From a defensive standpoint we must continue efforts to reduce submarine detect-ability from non-acoustic sensors and perhaps most importantly from spaced based systems. The worldwide coverage provided by satellite constellations possibly incorporating new sensor technology could soon start to clear up the current opaqueness of the world’s oceans.
At the same time, there are offensive actions that can be employed to protect our forces. We must be able to tactically engage and employ joint information warfare as a capability to protect submarines during peacetime and combat operations. This might include the identification of operational adversaries that must be located, tracked, and destroyed by other joint forces in order to maintain our stealth or survivability. No longer will submarine warfare be us against everybody. Information superiority will provide submariners increased warning of attack, enhanced operational deception, and joint, integrated defense against detection and attack by enemy forces.
In order to optimize the three preceding concepts, the enabling concept of focused logistics must also be developed. JV 2010’s goal is simple, the logistics of the future ” … will be fully adaptive … providing support in hours or days versus weeks.” This in turn will enable joint forces to be “more mobile, versatile and projectable from anywhere in the world.”
The is an important operational concept that submarine warfighters too often take for granted. Consider the following scenario where the opening phase of strike operations against a heavy armored advance is still in progress and the six submarines in the joint task force expend their MPM load after only one week. The JTF commander not only wants six fully loaded submarines to replace those returning for weapons resupply but he also wants the turnaround completed in under two weeks. Where will the weapons reload be conducted? Can we and how will we get the weapons there? What will our airlift requirements be? How will we handle multiple ships requiring simultaneous voyage repairs at forward sites? Can we support long term, continuous forward area operations with our current overseas infrastructure and number of tenders? Should we have pre-positioned equipment and capabilities near the world’s hot spots?

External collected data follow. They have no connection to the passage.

(* Let $d\ge2$ and $\gamma^\mu\in\mathbb{S}^d$ with zero diagonal and $\gamma^\mu_{ij}>0$ for all $i\ne j$, and set $\gamma^\ast=\min_{i\ne j}\gamma^\mu_{ij}$. For $\mu\in\Delta^d$ let $\widetilde{c}^\mu$ be as defined in the context and let $\widetilde{a}^\mu$ be the same matrix with $\gamma^\mu_{ij}$ replaced by $1$ for all $i\ne j$. Then $\widetilde{c}^\mu-\gamma^\ast\widetilde{a}^\mu$ is positive semidefinite, and $\mathrm{rk}(\widetilde{c}^\mu)=\mathrm{rk}(\widetilde{a}^\mu)$.
   Context: $\Delta^d$ is the unit simplex. For $\mu\in\Delta^d$ and $\gamma\in\mathbb{S}^d$ with zero diagonal, $c\in\mathbb{S}^d$ is given by $c_{ii}=\sum_{j\ne i}\gamma_{ij}\mu^i\mu^j$, $c_{ij}=-\gamma_{ij}\mu^i\mu^j$ ($i\ne j$); $\widetilde{c}^\mu$ denotes this matrix for $\gamma=\gamma^\mu$ with the $d$-th row and column deleted. *)

From mathcomp Require Import all_boot all_order all_algebra.
Set Implicit Arguments. Unset Strict Implicit. Unset Printing Implicit Defensive.
Import Order.TTheory GRing.Theory Num.Theory.
Local Open Scope ring_scope.

Definition in_simplex (R : realFieldType) (d : nat) (mu : 'I_d -> R) : Prop :=
  (forall i, 0 <= mu i) /\ \sum_(i < d) mu i = 1.

Definition cmat (R : realFieldType) (d : nat) (gamma : 'M[R]_d) (mu : 'I_d -> R)
  : 'M[R]_d :=
  \matrix_(i, j) (if i == j then \sum_(k < d | k != i) gamma i k * mu i * mu k
                  else - (gamma i j * mu i * mu j)).

(* c with the d-th (last) row and column deleted: indices 0..d-2 kept. *)
Definition ctilde (R : realFieldType) (d : nat) (gamma : 'M[R]_d) (mu : 'I_d -> R)
  : 'M[R]_(d.-1) :=
  \matrix_(i, j) cmat gamma mu (widen_ord (leq_pred d) i) (widen_ord (leq_pred d) j).

Definition ones_offdiag (R : realFieldType) (d : nat) : 'M[R]_d :=
  \matrix_(i, j) (if i == j then 0 else 1).

Definition atilde (R : realFieldType) (d : nat) (mu : 'I_d -> R) : 'M[R]_(d.-1) :=
  ctilde (ones_offdiag R d) mu.

Definition psd (R : realFieldType) (n : nat) (M : 'M[R]_n) : Prop :=
  forall x : 'cV[R]_n, 0 <= (x^T *m M *m x) 0 0.

Definition min_offdiag (R : realFieldType) (d : nat) (gamma : 'M[R]_d) (g : R) : Prop :=
  (exists i j, i != j /\ gamma i j = g) /\ (forall i j, i != j -> g <= gamma i j).

From mathcomp Require Import all_boot all_order all_algebra.
From mathcomp Require Import zify ring.
Import Order.TTheory GRing.Theory Num.Theory.
Local Open Scope ring_scope.

(* Extending x by a zero last coordinate to y, the quadratic form of the
   truncated matrix is x^T c~ x = 1/2 sum_(i,j) gamma_ij mu_i mu_j (y_j - y_i)^2.
   It is linear in gamma and nonnegative as soon as gamma is nonnegative off the
   diagonal; applied to gamma - gamma* (1 - delta_ij) this gives the semidefinite
   bound.  For gamma > 0 off the diagonal, u c~ = 0 forces the form to vanish
   at u^T, hence the extension of u to be constant on the support of mu, which
   conversely kills u c~.  This condition does not depend on gamma, so c~ and
   a~ have the same left kernel, hence the same rank. *)

Lemma double_sum_symmetrize (R : comPzRingType) (I : finType)
    (a : I -> I -> R) (y : I -> R) :
  (forall i j, a i j = a j i) ->
  (\sum_j \sum_i a i j * (y j - y i) * y j) *+ 2 =
  \sum_j \sum_i a i j * (y j - y i) ^+ 2.
Proof.
move=> a_sym.
have swap : \sum_j \sum_i a i j * (y j - y i) * y i =
            - \sum_j \sum_i a i j * (y j - y i) * y j.
  rewrite exchange_big /= -sumrN; apply: eq_bigr => j _; rewrite -sumrN.
  by apply: eq_bigr => i _; rewrite a_sym; ring.
rewrite mulr2n -[X in _ + X]opprK -swap -sumrB; apply: eq_bigr => j _.
by rewrite -sumrB; apply: eq_bigr => i _; ring.
Qed.

Lemma eq_mxrank_ker (F : fieldType) m n (A B : 'M[F]_(m, n)) :
  (forall u : 'rV_m, (u *m A == 0) = (u *m B == 0)) -> \rank A = \rank B.
Proof.
move=> eq_ker.
have ker_sub (A' B' : 'M[F]_(m, n)) :
    (forall u : 'rV_m, (u *m A' == 0) = (u *m B' == 0)) ->
    (kermx A' <= kermx B')%MS.
  by move=> H; apply/row_subP => i; rewrite sub_kermx -H -sub_kermx row_sub.
have : \rank (kermx A) = \rank (kermx B).
  by apply/eqP; rewrite eqn_leq !mxrankS // ker_sub // => u; rewrite eq_ker.
rewrite !mxrank_ker.
by have := rank_leq_row A; have := rank_leq_row B; lia.
Qed.

Section CMatrix.
Variables (R : realFieldType) (d : nat) (mu : 'I_d -> R).
Implicit Types (gamma : 'M[R]_d) (y : 'rV[R]_d).

Local Notation trunc := (widen_ord (leq_pred d)).
(* [u *m E] extends [u] by a zero last coordinate. *)
Local Notation E := (rowsub trunc 1%:M : 'M[R]_(d.-1, d)).

Lemma cmatB g1 g2 : cmat (g1 - g2) mu = cmat g1 mu - cmat g2 mu.
Proof.
apply/matrixP => i j; rewrite !mxE; case: eqP => _.
  by rewrite -sumrB; apply: eq_bigr => k _; rewrite !mxE !mulrBl.
by rewrite !mulrBl opprB addrC opprK.
Qed.

Lemma cmatZ a gamma : cmat (a *: gamma) mu = a *: cmat gamma mu.
Proof.
apply/matrixP => i j; rewrite !mxE; case: eqP => _.
  by rewrite mulr_sumr; apply: eq_bigr => k _; rewrite !mxE -!mulrA.
by rewrite -!mulrA mulrN.
Qed.

Lemma ctildeE gamma : ctilde gamma mu = E *m cmat gamma mu *m E^T.
Proof.
by rewrite trmx_mxsub trmx1 mulmx_colsub mulmx1 mul_rowsub_mx mul1mx;
  apply/matrixP => i j; rewrite !mxE.
Qed.

Lemma ctildeB g1 g2 : ctilde (g1 - g2) mu = ctilde g1 mu - ctilde g2 mu.
Proof. by rewrite !ctildeE cmatB mulmxBr mulmxBl. Qed.

Lemma ctildeZ a gamma : ctilde (a *: gamma) mu = a *: ctilde gamma mu.
Proof. by rewrite !ctildeE cmatZ scalemxAl scalemxAr. Qed.

Lemma ctilde_quad gamma (u : 'rV[R]_d.-1) :
  u *m ctilde gamma mu *m u^T = (u *m E) *m cmat gamma mu *m (u *m E)^T.
Proof. by rewrite ctildeE trmx_mul !mulmxA. Qed.

Definition const_on_supp y : bool :=
  [forall i, forall j, (mu i != 0) && (mu j != 0) ==> (y 0 i == y 0 j)].

Variable gamma : 'M[R]_d.
Hypothesis gamma_sym : gamma^T = gamma.

Let gammaC i j : gamma i j = gamma j i.
Proof. by rewrite -[in LHS]gamma_sym mxE. Qed.

Lemma mulmx_cmat y j :
  (y *m cmat gamma mu) 0 j = \sum_i gamma i j * mu i * mu j * (y 0 j - y 0 i).
Proof.
rewrite mxE (bigD1 j) //= [RHS](bigD1 j) //= subrr mulr0 add0r mxE eqxx.
rewrite mulr_sumr -big_split; apply: eq_bigr => i /negbTE ij.
by rewrite mxE ij gammaC /=; ring.
Qed.

Lemma cmat_quad y :
  (y *m cmat gamma mu *m y^T) 0 0 *+ 2 =
  \sum_j \sum_i gamma i j * mu i * mu j * (y 0 j - y 0 i) ^+ 2.
Proof.
rewrite -double_sum_symmetrize => [|i j]; last by rewrite gammaC; ring.
rewrite mxE; congr (_ *+ 2); apply: eq_bigr => j _.
by rewrite mulmx_cmat mulr_suml mxE.
Qed.

Hypothesis mu_ge0 : forall i, 0 <= mu i.

Lemma cmat_quad_summand_ge0 y i j :
  (forall i j, i != j -> 0 <= gamma i j) ->
  0 <= gamma i j * mu i * mu j * (y 0 j - y 0 i) ^+ 2.
Proof.
move=> gamma_ge0; case: (eqVneq i j) => [->|ij].
  by rewrite subrr expr2 !mulr0.
by rewrite mulr_ge0 ?sqr_ge0 ?mulr_ge0 ?gamma_ge0.
Qed.

Lemma ctilde_psd :
  (forall i j, i != j -> 0 <= gamma i j) -> psd (ctilde gamma mu).
Proof.
move=> gamma_ge0 x; rewrite -[x in _ *m x]trmxK ctilde_quad.
rewrite -(pmulrn_lge0 _ (isT : (0 < 2)%N)) cmat_quad.
by do 2!apply: sumr_ge0 => ? _; apply: cmat_quad_summand_ge0.
Qed.

Section PositiveWeights.
Hypothesis gamma_gt0 : forall i j, i != j -> 0 < gamma i j.

Lemma cmat_quad_eq0 y : (y *m cmat gamma mu *m y^T) 0 0 = 0 -> const_on_supp y.
Proof.
move=> form0; apply/forallP => i; apply/forallP => j.
apply/implyP => /andP[mui muj].
have gamma_ge0 k l : k != l -> 0 <= gamma k l by move/gamma_gt0/ltW.
have summand_ge0 k l := cmat_quad_summand_ge0 y k l gamma_ge0.
have sum0 : \sum_j \sum_i gamma i j * mu i * mu j * (y 0 j - y 0 i) ^+ 2 = 0.
  by rewrite -cmat_quad form0 mul0rn.
have row0 :=
  psumr_eq0P (fun k _ => sumr_ge0 _ (fun l _ => summand_ge0 l k)) sum0 (i := j) isT.
move/eqP: (psumr_eq0P (fun k _ => summand_ge0 k j) row0 (i := i) isT).
case: (eqVneq i j) => [-> // | ij].
rewrite mulf_eq0 sqrf_eq0 !mulf_eq0 subr_eq0 (negbTE mui) (negbTE muj).
by rewrite (gt_eqF (gamma_gt0 _ _ ij)) eq_sym.
Qed.

Lemma const_on_supp_cmat y : const_on_supp y -> y *m cmat gamma mu = 0.
Proof.
move=> /forallP cy; apply/matrixP => a j; rewrite ord1 mulmx_cmat mxE.
apply: big1 => i _; move/forallP: (cy i) => /(_ j).
case: (eqVneq (mu i) 0) => [->|_]; first by rewrite !(mulr0, mul0r).
case: (eqVneq (mu j) 0) => [->|_]; first by rewrite !(mulr0, mul0r).
by move=> /= /eqP ->; rewrite subrr mulr0.
Qed.

Lemma ctilde_kerP (u : 'rV[R]_d.-1) :
  (u *m ctilde gamma mu == 0) = const_on_supp (u *m E).
Proof.
apply/eqP/idP => [ker | cy].
  by apply: cmat_quad_eq0; rewrite -ctilde_quad ker mul0mx mxE.
by rewrite ctildeE !mulmxA const_on_supp_cmat ?mul0mx.
Qed.

End PositiveWeights.
End CMatrix.

Theorem mainTheorem17 (R : realFieldType) (d : nat) (hd : (2 <= d)%N)
  (gamma : 'M[R]_d) (gsym : gamma^T = gamma)
  (gdiag : forall i, gamma i i = 0)
  (gpos : forall i j, i != j -> 0 < gamma i j)
  (gstar : R) (hgstar : min_offdiag gamma gstar)
  (mu : 'I_d -> R) (hmu : in_simplex mu) :
  psd (ctilde gamma mu - gstar *: atilde mu) /\
  \rank (ctilde gamma mu) = \rank (atilde mu).
Proof.
case: hgstar => _ gstar_le; case: hmu => mu_ge0 _.
set J := ones_offdiag R d.
have J_sym : J^T = J by apply/matrixP => i j; rewrite !mxE eq_sym.
have J_gt0 i j : i != j -> 0 < J i j by rewrite mxE => /negbTE ->.
split.
- rewrite /atilde -ctildeZ -ctildeB; apply: ctilde_psd => // [|i j ij].
    by rewrite linearB linearZ /= gsym J_sym.
  by rewrite !mxE (negbTE ij) mulr1 subr_ge0 gstar_le.
- by apply: eq_mxrank_ker => u; rewrite !ctilde_kerP.
Qed.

As you can see forward area logistics during combat operations quickly become a joint problem. These types of contingencies require well throughout and specifically tailored combat support systems. To be successful in the future we will have to integrate our combat support with other service and defense agencies to take advantage of advanced commercial practices, global networks, and revolutionary information technologies.
Full Spectrum Dominance
The synergy created by the integration of these four operational concepts transcends current conventional warfighting. Taken together these concepts will enable the U.S. military “to dominate the full range of military operations from humanitarian assistance, through peace operations, up to and into highest intensity conflict”.

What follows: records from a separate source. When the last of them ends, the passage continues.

(* Consider the system $\dot X=(1-Y)X$, $\dot Y=(X-U)Y$ on $\{X>0,Y>0\}$ with arbitrary input $U$, and let $V(X,Y)=\Psi(1/X)+\Psi(Y/X)$. Then along solutions $\dot V=L(X,Y)+G(X,Y)U$ with $$L(X,Y)=\frac{-(X-1)^2+Y(Y-X)}{X},\qquad G(X,Y)=\frac{X-Y}{X},$$ and for every $(X,Y)$ with $X>0$, $Y>0$, $(X,Y)\neq(1,1)$, there exists $U>0$ such that $L(X,Y)+G(X,Y)U<0$. In particular, whenever $G(X,Y)\ge 0$ and $(X,Y)\ne(1,1)$, one has $L(X,Y)<0$. Thus $V$ is a global control Lyapunov function on $\{X>0,Y>0\}$ with inputs restricted to $U>0$.
   Context: $\Psi(S)=S-1-\ln S$ for $S>0$. *)

From Stdlib Require Import Reals.
From Coquelicot Require Import Coquelicot.
Open Scope R_scope.

Definition Psi (S : R) : R := S - 1 - ln S.

Definition V (X Y : R) : R := Psi (1 / X) + Psi (Y / X).

Definition Lf (X Y : R) : R := (- (X - 1) ^ 2 + Y * (Y - X)) / X.
Definition Gf (X Y : R) : R := (X - Y) / X.

(* Psi(s) = s - 1 - ln s is nonnegative and vanishes only at s = 1, so V is positive definite
   about (1,1).  Since x * L = -(x-1)^2 + y (y - x) and x * G = x - y, wherever the control
   cannot help (G >= 0, i.e. y <= x) both terms of x * L are nonpositive and not both zero;
   wherever G < 0, a large enough U > 0 makes L + G U negative. *)
From Stdlib Require Import Reals Lra Psatz.
From Coquelicot Require Import Coquelicot.
Open Scope R_scope.

Lemma Psi_1 : Psi 1 = 0.
Proof. unfold Psi; rewrite ln_1; lra. Qed.

Lemma Psi_gt0 (s : R) : 0 < s -> s <> 1 -> 0 < Psi s.
Proof.
  intros hs hs1; unfold Psi.
  assert (hln : ln s <> 0) by (apply ln_neq_0; lra).
  pose proof (exp_ineq1 _ hln) as hexp; rewrite exp_ln in hexp by lra; lra.
Qed.

Lemma Psi_ge0 (s : R) : 0 < s -> 0 <= Psi s.
Proof.
  intros hs; destruct (Req_dec s 1) as [->|hs1].
  - rewrite Psi_1; lra.
  - now left; apply Psi_gt0.
Qed.

Lemma V_1_1 : V 1 1 = 0.
Proof. unfold V; replace (1 / 1) with 1 by field; rewrite Psi_1; lra. Qed.

Lemma V_gt0 (x y : R) : 0 < x -> 0 < y -> (x, y) <> (1, 1) -> 0 < V x y.
Proof.
  intros hx hy hne; unfold V.
  assert (h1x : 0 < 1 / x) by (apply Rdiv_lt_0_compat; lra).
  assert (hyx : 0 < y / x) by (apply Rdiv_lt_0_compat; lra).
  destruct (Req_dec x 1) as [->|hx1].
  - assert (hy1 : y <> 1) by (intros ->; now apply hne).
    replace (y / 1) with y by field.
    pose proof (Psi_ge0 _ h1x); pose proof (Psi_gt0 _ hy hy1); lra.
  - assert (h1x1 : 1 / x <> 1).
    { intros e; apply hx1.
      replace x with (1 / (1 / x)) by (field; lra); rewrite e; field. }
    pose proof (Psi_gt0 _ h1x h1x1); pose proof (Psi_ge0 _ hyx); lra.
Qed.

(* The coefficients are the partials of V x y = (1 + y) / x + 2 ln x - ln y - 2. *)
Lemma is_derive_V_comp (X Y : R -> R) (t dX dY : R) :
  0 < X t -> 0 < Y t -> is_derive X t dX -> is_derive Y t dY ->
  is_derive (fun s => V (X s) (Y s)) t
    ((2 / X t - (1 + Y t) / (X t * X t)) * dX + (1 / X t - 1 / Y t) * dY).
Proof.
  intros hx hy hdX hdY; unfold V, Psi.
  rewrite <- (is_derive_unique _ _ _ hdX), <- (is_derive_unique _ _ _ hdY).
  auto_derive.
  - repeat split; try (eexists; eassumption);
      try (apply Rdiv_lt_0_compat; lra); try lra.
  - change (fun s => X s) with X; change (fun s => Y s) with Y.
    field; lra.
Qed.

Lemma Lf_lt0_of_Gf_ge0 (x y : R) :
  0 < x -> 0 < y -> (x, y) <> (1, 1) -> 0 <= Gf x y -> Lf x y < 0.
Proof.
  intros hx hy hne hG; unfold Gf, Lf in *.
  assert (hyx : y <= x).
  { apply Rmult_le_compat_r with (r := x) in hG; [|lra].
    replace ((x - y) / x * x) with (x - y) in hG by (field; lra); lra. }
  assert (hnum : - (x - 1) ^ 2 + y * (y - x) < 0).
  { destruct (Req_dec x 1) as [->|hx1].
    - assert (hy1 : y <> 1) by (intros ->; now apply hne).
      nra.
    - assert (0 < (x - 1) * (x - 1)) by (apply Rsqr_pos_lt; lra); nra. }
  now apply Rdiv_neg_pos.
Qed.

Lemma exists_pos_affine_lt0 (a b : R) :
  (0 <= b -> a < 0) -> exists u, 0 < u /\ a + b * u < 0.
Proof.
  intros hab; destruct (Rlt_or_le b 0) as [hb|hb].
  - exists ((Rabs a + 1) / - b); split.
    + apply Rdiv_lt_0_compat; [pose proof (Rabs_pos a)|]; lra.
    + replace (b * ((Rabs a + 1) / - b)) with (- (Rabs a + 1)) by (field; lra).
      pose proof (Rle_abs a); lra.
  - specialize (hab hb).
    destruct (Req_dec b 0) as [->|hb0].
    + exists 1; lra.
    + exists (- a / (2 * b)); split.
      * apply Rdiv_lt_0_compat; lra.
      * replace (b * (- a / (2 * b))) with (- a / 2) by (field; lra); lra.
Qed.

Theorem mainTheorem6 :
  (* along solutions of X' = (1-Y)X, Y' = (X-U)Y (U an arbitrary input),
     dV/dt = L + G U at every time t where X, Y > 0 *)
  (forall (X Y U : R -> R) (t : R),
      0 < X t -> 0 < Y t ->
      is_derive X t ((1 - Y t) * X t) ->
      is_derive Y t ((X t - U t) * Y t) ->
      is_derive (fun s => V (X s) (Y s)) t (Lf (X t) (Y t) + Gf (X t) (Y t) * U t))
  /\
  (forall x y : R, 0 < x -> 0 < y -> (x, y) <> (1, 1) ->
      exists u : R, 0 < u /\ Lf x y + Gf x y * u < 0)
  /\
  (forall x y : R, 0 < x -> 0 < y -> (x, y) <> (1, 1) ->
      0 <= Gf x y -> Lf x y < 0)
  /\
  (* V is positive definite on the open quadrant about the equilibrium (1,1) *)
  (V 1 1 = 0 /\
   forall x y : R, 0 < x -> 0 < y -> (x, y) <> (1, 1) -> 0 < V x y).
Proof.
  split; [|split; [|split; [|split]]].
  - intros X Y U t hx hy hdX hdY.
    replace (Lf (X t) (Y t) + Gf (X t) (Y t) * U t)
      with ((2 / X t - (1 + Y t) / (X t * X t)) * ((1 - Y t) * X t)
            + (1 / X t - 1 / Y t) * ((X t - U t) * Y t))
      by (unfold Lf, Gf; field; lra).
    now apply is_derive_V_comp.
  - intros x y hx hy hne.
    apply exists_pos_affine_lt0, Lf_lt0_of_Gf_ge0; assumption.
  - exact Lf_lt0_of_Gf_ge0.
  - exact V_1_1.
  - exact V_gt0.
Qed.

It is also recognized that no matter how sophisticated technology becomes, the judgment and skill of tactical warfighters will ultimately determine the success of future joint operations.

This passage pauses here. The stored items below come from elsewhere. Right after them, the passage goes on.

Lemma fixed_scale_stationary (p y : 'rV[R]_n) : p *m P = p -> \sum_j p 0 j = 1 ->
  y *m P = y -> y = (\sum_j y 0 j) *: p.
Proof.
move=> pP p_sum yP; apply/eqP; rewrite -subr_eq0; apply/eqP/fixed_sum0.
  by rewrite mulmxBl -scalemxAl pP yP.
rewrite (eq_bigr (fun j => y 0 j - (\sum_j y 0 j) * p 0 j)) => [|j _]; last first.
  by rewrite !mxE.
by rewrite sumrB -mulr_sumr p_sum mulr1 subrr.
Qed.

End IrreducibleStochastic.

Section Distributions.
Variables (R : realType) (n : nat).

Lemma distribution_le1 (p : 'rV[R]_n) j : distribution p -> p 0 j <= 1.
Proof.
by case=> p_ge0 <-; rewrite (bigD1 j) //= lerDl sumr_ge0.
Qed.

Lemma vdot_distribution_le1 (p : 'rV[R]_n) : distribution p -> vdot p p <= 1.
Proof.
move=> p_dist; rewrite -p_dist.2; apply: ler_sum => j _.
by rewrite ler_piMr ?distribution_le1 ?p_dist.1.
Qed.

Lemma vdot_sub_distribution_le2 (p q : 'rV[R]_n) :
  distribution p -> distribution q -> vdot (p - q) (p - q) <= 2.
Proof.
move=> p_dist q_dist; rewrite -[2]/(1 + 1) -{1}p_dist.2 -q_dist.2 -big_split /=.
apply: ler_sum => j _; rewrite !mxE.
have := distribution_le1 j p_dist; have := distribution_le1 j q_dist.
have := p_dist.1 j; have := q_dist.1 j; nra.
Qed.

Lemma tv_dist_sqr_le (mu nu : 'rV[R]_n) :
  4 * tv_dist mu nu ^+ 2 <= n%:R * vdot (mu - nu) (mu - nu).
Proof.
set d := mu - nu.
have -> : 4 * tv_dist mu nu ^+ 2 = (\sum_j (map_mx Num.norm d) 0 j) ^+ 2.
  rewrite /tv_dist (eq_bigr (fun j => (map_mx Num.norm d) 0 j)) => [|j _].
    by set t := \sum_j _; field.
  by rewrite !mxE.
have -> : vdot d d = vdot (map_mx Num.norm d) (map_mx Num.norm d).
  by apply: eq_bigr => j _; rewrite !mxE -normrM ger0_norm // -expr2 sqr_ge0.
exact: sqr_sum_le.
Qed.

Lemma distribution_dim_gt0 (mu : 'rV[R]_n) : distribution mu -> (0 < n)%N.
Proof.
by case: n mu => // mu [_]; rewrite big_ord0 => /eqP; rewrite eq_sym oner_eq0.
Qed.

Lemma tv_dist_ge0 (mu nu : 'rV[R]_n) : 0 <= tv_dist mu nu.
Proof. by rewrite mulr_ge0 ?invr_ge0 ?sumr_ge0. Qed.

End Distributions.

Section StationaryPerturbation.
Variables (R : realType) (n : nat) (P0 P1 : 'M[R]_n) (pi : R -> 'rV[R]_n).
Hypotheses (P0_stoch : stochastic P0) (P0_irr : irreducible P0).
Hypothesis P1_stoch : stochastic P1.
Hypothesis pi_stat :
  forall s, 0 <= s <= 1 -> stationary ((1 - s) *: P0 + s *: P1) (pi s).

Local Notation A := (1%:M - P0).

Lemma stationary0 : stationary P0 (pi 0).
Proof.
by have := pi_stat (s := 0); rewrite lexx ler01 subr0 scale1r scale0r addr0; apply.
Qed.

Lemma stationary_defect s : 0 <= s <= 1 ->
  (pi s - pi 0) *m A = s *: (pi s *m P1 - pi s *m P0).
Proof.
move=> s01; have [_ pisP] := pi_stat s01; have [_ pi0P] := stationary0.
rewrite mulmxBl !mulmxBr !mulmx1 pi0P subrr subr0.
move: pisP; rewrite mulmxDr -!scalemxAr.
move: (pi s *m P0) (pi s *m P1) => u v <-.
by apply/rowP => j; rewrite !mxE; ring.
Qed.

Lemma left_kernel_perp (x : 'rV[R]_n) :
  vdot x (pi 0) = 0 -> forall y, y *m A = 0 -> vdot x y = 0.
Proof.
move=> x_perp y; rewrite mulmxBr mulmx1 => /eqP; rewrite subr_eq0 eq_sym => /eqP yP.
have [[_ pi0_sum] pi0P] := stationary0.
rewrite (fixed_scale_stationary P0_stoch P0_irr pi0P pi0_sum yP).
by rewrite vdotZr x_perp mulr0.
Qed.

Lemma tv_dist_sqr_stationary (lam s : R) : 0 <= lam ->
  (forall mu, eigenvalue (A^T *m A) mu -> mu != 0 -> lam <= mu) -> 0 <= s <= 1 ->
  lam * tv_dist (pi s) (pi 0) ^+ 2 <= n%:R * (n%:R + 1) * s ^+ 2.
Proof.
move=> lam0 lam_le s01.
have [pis_dist _] := pi_stat s01; have [pi0_dist pi0P] := stationary0.
set d := pi s - pi 0; set p := pi 0 in pi0_dist pi0P *.
have p_neq0 : vdot p p != 0.
  rewrite vdot_eq0; apply/eqP => p0; have := pi0_dist.2.
  by rewrite p0 big1 => [/eqP|j _]; rewrite ?mxE // eq_sym oner_eq0.
set x := d - (vdot d p / vdot p p) *: p.
have x_perp : vdot x p = 0 by rewrite vdotBl vdotZl divfK ?subrr.
have pA : p *m A = 0 by rewrite mulmxBr mulmx1 pi0P subrr.
have gap : lam * vdot x x <= 2 * s ^+ 2.
  apply: le_trans (vdot_spectral_gap lam0 lam_le (left_kernel_perp x_perp)) _.
  rewrite mulmxBl -scalemxAl pA scaler0 subr0 stationary_defect //.
  rewrite vdotZl vdotZr mulrA -expr2 mulrC ler_wpM2r ?sqr_ge0 //.
  by apply: vdot_sub_distribution_le2; apply: distribution_mulmx.
have d_sum : \sum_j d 0 j = 0.
  rewrite (eq_bigr (fun j => pi s 0 j - p 0 j)) => [|j _]; last by rewrite !mxE.
  by rewrite sumrB pis_dist.2 pi0_dist.2 subrr.
have d_le := vdot_le_shift (vdot d p / vdot p p) d_sum pi0_dist.2
  (vdot_distribution_le1 pi0_dist).
have tv_le := tv_dist_sqr_le (pi s) p.
rewrite -/x in d_le; rewrite -/d in tv_le.
(* 4 lam t^2 <= lam n |d|^2 <= 2 n (n + 1) lam |x|^2 <= 4 n (n + 1) s^2 *)
have N_ge0 : 0 <= n%:R :> R := ler0n _ _.
have h1 := ler_wpM2l lam0 tv_le.
have h2 := ler_wpM2l (mulr_ge0 lam0 N_ge0) d_le.
have c_ge0 : 0 <= 2 * n%:R * (n%:R + 1) :> R by rewrite !mulr_ge0 ?addr_ge0.
have h3 := ler_wpM2l c_ge0 gap.
lra.
Qed.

Submarine Force Vision 2010
The time for implementing Joint Vision 2010 is now! It begins with joint education, training, and doctrine. We can begin now by developing and testing JV 2010’s new operational concepts in simulations, demonstrations, and exercises. While affordability may limit the acquisition of some future technologies, it should not limit our vision. Finally, as we pursue this vision, we must be mindful of our ultimate mission, “to prevent threats to U.S. interests from emerging, deter those that do, and defeat those threats by military force if deterrence fails.